Revision as of 17:00, 9 December 2014

2020 Mathematics Subject Classification: Primary: 11A25 [MSN][ZBL]

An arithmetic function of one argument, $f(m)$, satisfying the condition

$$ f(mn) = f(m) f(n) \label{mult} $$ for any pair of coprime integers $m,n$. It is usually assumed that $f$ is not identically zero (which is equivalent to the condition $f(1)=1$). A multiplicative arithmetic function is called strongly multiplicative if $f(p^a) = f(p)$ for all prime numbers $p$ and all natural numbers $a$. If \eqref{mult} holds for any two numbers $m,n$, and not just for coprime numbers, then $f$ is called totally multiplicative; in this case $f(p^a) = f(p)^a$.
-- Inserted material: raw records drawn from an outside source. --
(* Let $Z=(U,\Omega,\mathcal I)$ be a $3$-matroid. The following are equivalent: (1) $Z$ is tight and binary; (2) $Z$ is tight and strictly binary; (3) $Z=\mathcal Z(Q)$ for some sheltering matroid $Q=(M,\Omega)$ such that there exist a finite set $V$, a symmetric $V\times V$ matrix $A$ over $GF(2)$, and a labelling $U=\{u_1(v),u_2(v),u_3(v): v\in V\}$ with $\Omega=\{\{u_1(v),u_2(v),u_3(v)\}: v\in V\}$, for which $M$ is the column matroid of the $GF(2)$-matrix $(I\mid A\mid A+I)$ (rows indexed by $V$) whose $v$-columns in the three blocks are labelled $u_1(v),u_2(v),u_3(v)$ respectively.
   Context: Let $\Omega$ be a partition of a finite set $U$. $T\subseteq U$ is a transversal (subtransversal) of $\Omega$ if $|T\cap\omega|=1$ ($\le 1$) for all $\omega\in\Omega$; $\mathcal S(\Omega)$ denotes the set of subtransversals. A skew pair of $\omega\in\Omega$ is a $2$-element subset of $\omega$. A multimatroid over $(U,\Omega)$ is a triple $Z=(U,\Omega,\mathcal I)$ with $\mathcal I\subseteq\mathcal S(\Omega)$ such that (i) for each transversal $T$, $\{I\in\mathcal I: I\subseteq T\}$ is the family of independent sets of a matroid on $T$, and (ii) for every $I\in\mathcal I$ and every skew pair $\{x,y\}$ of some $\omega\in\Omega$ with $\omega\cap I=\emptyset$, $I\cup\{x\}\in\mathcal I$ or $I\cup\{y\}\in\mathcal I$. $Z$ is a $q$-matroid if every $\omega\in\Omega$ has size $q$; it is nondegenerate if every $\omega$ has size $>1$. For $S\in\mathcal S(\Omega)$, its rank is the largest size of a member of $\mathcal I$ contained in $S$. $Z$ is tight if it is nondegenerate and for every $S\in\mathcal S(\Omega)$ with $|S|=|\Omega|-1$, letting $\omega$ be the class disjoint from $S$, there is $x\in\omega$ with rank$(S\cup\{x\})=$ rank$(S)$. A sheltering matroid is a pair $Q=(M,\Omega)$ where $M$ is a matroid on $U$ and $\Omega$ a partition of $U$ such that for every independent set $I\in\mathcal S(\Omega)$ of $M$ and every skew pair $\{x,y\}$ of a class $\omega$ with $\omega\cap I=\emptyset$, $I\cup\{x\}$ or $I\cup\{y\}$ is independent in $M$. Then $\mathcal Z(Q)=(U,\Omega,\{I\in\mathcal S(\Omega): I\text{ independent in }M\})$ is a multimatroid, said to be sheltered by $Q$. $Q$ is strict if $r(M)\le|\Omega|$. A multimatroid $Z$ is binary if $Z=\mathcal Z(Q)$ for some sheltering matroid $Q=(M,\Omega)$ with $M$ representable over $GF(2)$, and strictly binary if moreover $Q$ can be chosen strict. *)

From HB Require Import structures.
From mathcomp Require Import all_boot all_order all_algebra.
Set Implicit Arguments. Unset Strict Implicit. Unset Printing Implicit Defensive.
Import GRing.Theory.

Section Multimatroids.
Variable U : finType.

Definition subtransversal (Omega : {set {set U}}) (T : {set U}) : bool :=
  [forall w in Omega, #|T :&: w| <= 1].
Definition transversal (Omega : {set {set U}}) (T : {set U}) : bool :=
  [forall w in Omega, #|T :&: w| == 1].

Definition is_matroid (E : {set U}) (F : {set {set U}}) : Prop :=
  [/\ set0 \in F,
      (forall I : {set U}, I \in F -> I \subset E),
      (forall I J : {set U}, J \in F -> I \subset J -> I \in F) &
      (forall I J : {set U}, I \in F -> J \in F -> #|I| < #|J| ->
         exists2 x, x \in J :\: I & x |: I \in F)].

Definition skew_pair_cond (Omega : {set {set U}}) (F : {set {set U}}) : Prop :=
  forall (I w : {set U}) (x y : U), I \in F -> subtransversal Omega I -> w \in Omega ->
    [disjoint I & w] -> x \in w -> y \in w -> x != y ->
    (x |: I \in F) \/ (y |: I \in F).

Definition multimatroid (Omega : {set {set U}}) (Ind : {set {set U}}) : Prop :=
  [/\ partition Omega [set: U],
      (forall I : {set U}, I \in Ind -> subtransversal Omega I),
      (forall T : {set U}, transversal Omega T ->
         is_matroid T [set I in Ind | I \subset T]) &
      skew_pair_cond Omega Ind].

Definition q_matroid (q : nat) (Omega Ind : {set {set U}}) : Prop :=
  multimatroid Omega Ind /\ forall w : {set U}, w \in Omega -> #|w| = q.

Definition nondegenerate (Omega : {set {set U}}) : Prop :=
  forall w : {set U}, w \in Omega -> 1 < #|w|.

Definition mrank (Ind : {set {set U}}) (S : {set U}) : nat :=
  \max_(I in Ind | I \subset S) #|I|.

Definition tight (Omega Ind : {set {set U}}) : Prop :=
  nondegenerate Omega /\
  forall S w : {set U}, subtransversal Omega S -> #|S| = #|Omega|.-1 ->
    w \in Omega -> [disjoint S & w] ->
    exists2 x, x \in w & mrank Ind (x |: S) = mrank Ind S.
Examples of multiplicative arithmetic functions. The function $\tau(m)$, the number of divisors of a natural number $m$; the function $\sigma(m)$, the sum of divisors of a natural number $m$; the Euler function $\phi(m)$; and the Möbius function $\mu(m)$. The function $\phi(m)/m$ is a strongly multiplicative arithmetic function, a power function $m^k$ is a totally multiplicative arithmetic function.


Comments

The Dirichlet convolution product

$$ (f*g)(n) = \sum_{d\vert n} f(d) g(n/d)\ $$

yields a commutative group structure on the multiplicative functions. The unit element is given by the function $e$, where $e(1)=1$ and $e(m) = 0$ for all $m > 1$. Another standard multiplicative function is the constant function $\Epsilon(n)$ with $\Epsilon(m) = 1$ for all $m$ and its inverse $\mu$, the Möbius function. Note that $\phi = \mu * N_1$, where $N_1(n) = n$ for all $n$, and that $\tau = \Epsilon * \Epsilon$, $\sigma = \Epsilon * N_1$. In this context, the Möbius inversion formula states that if $g = \Epsilon * f$ then $f = \mu * g$.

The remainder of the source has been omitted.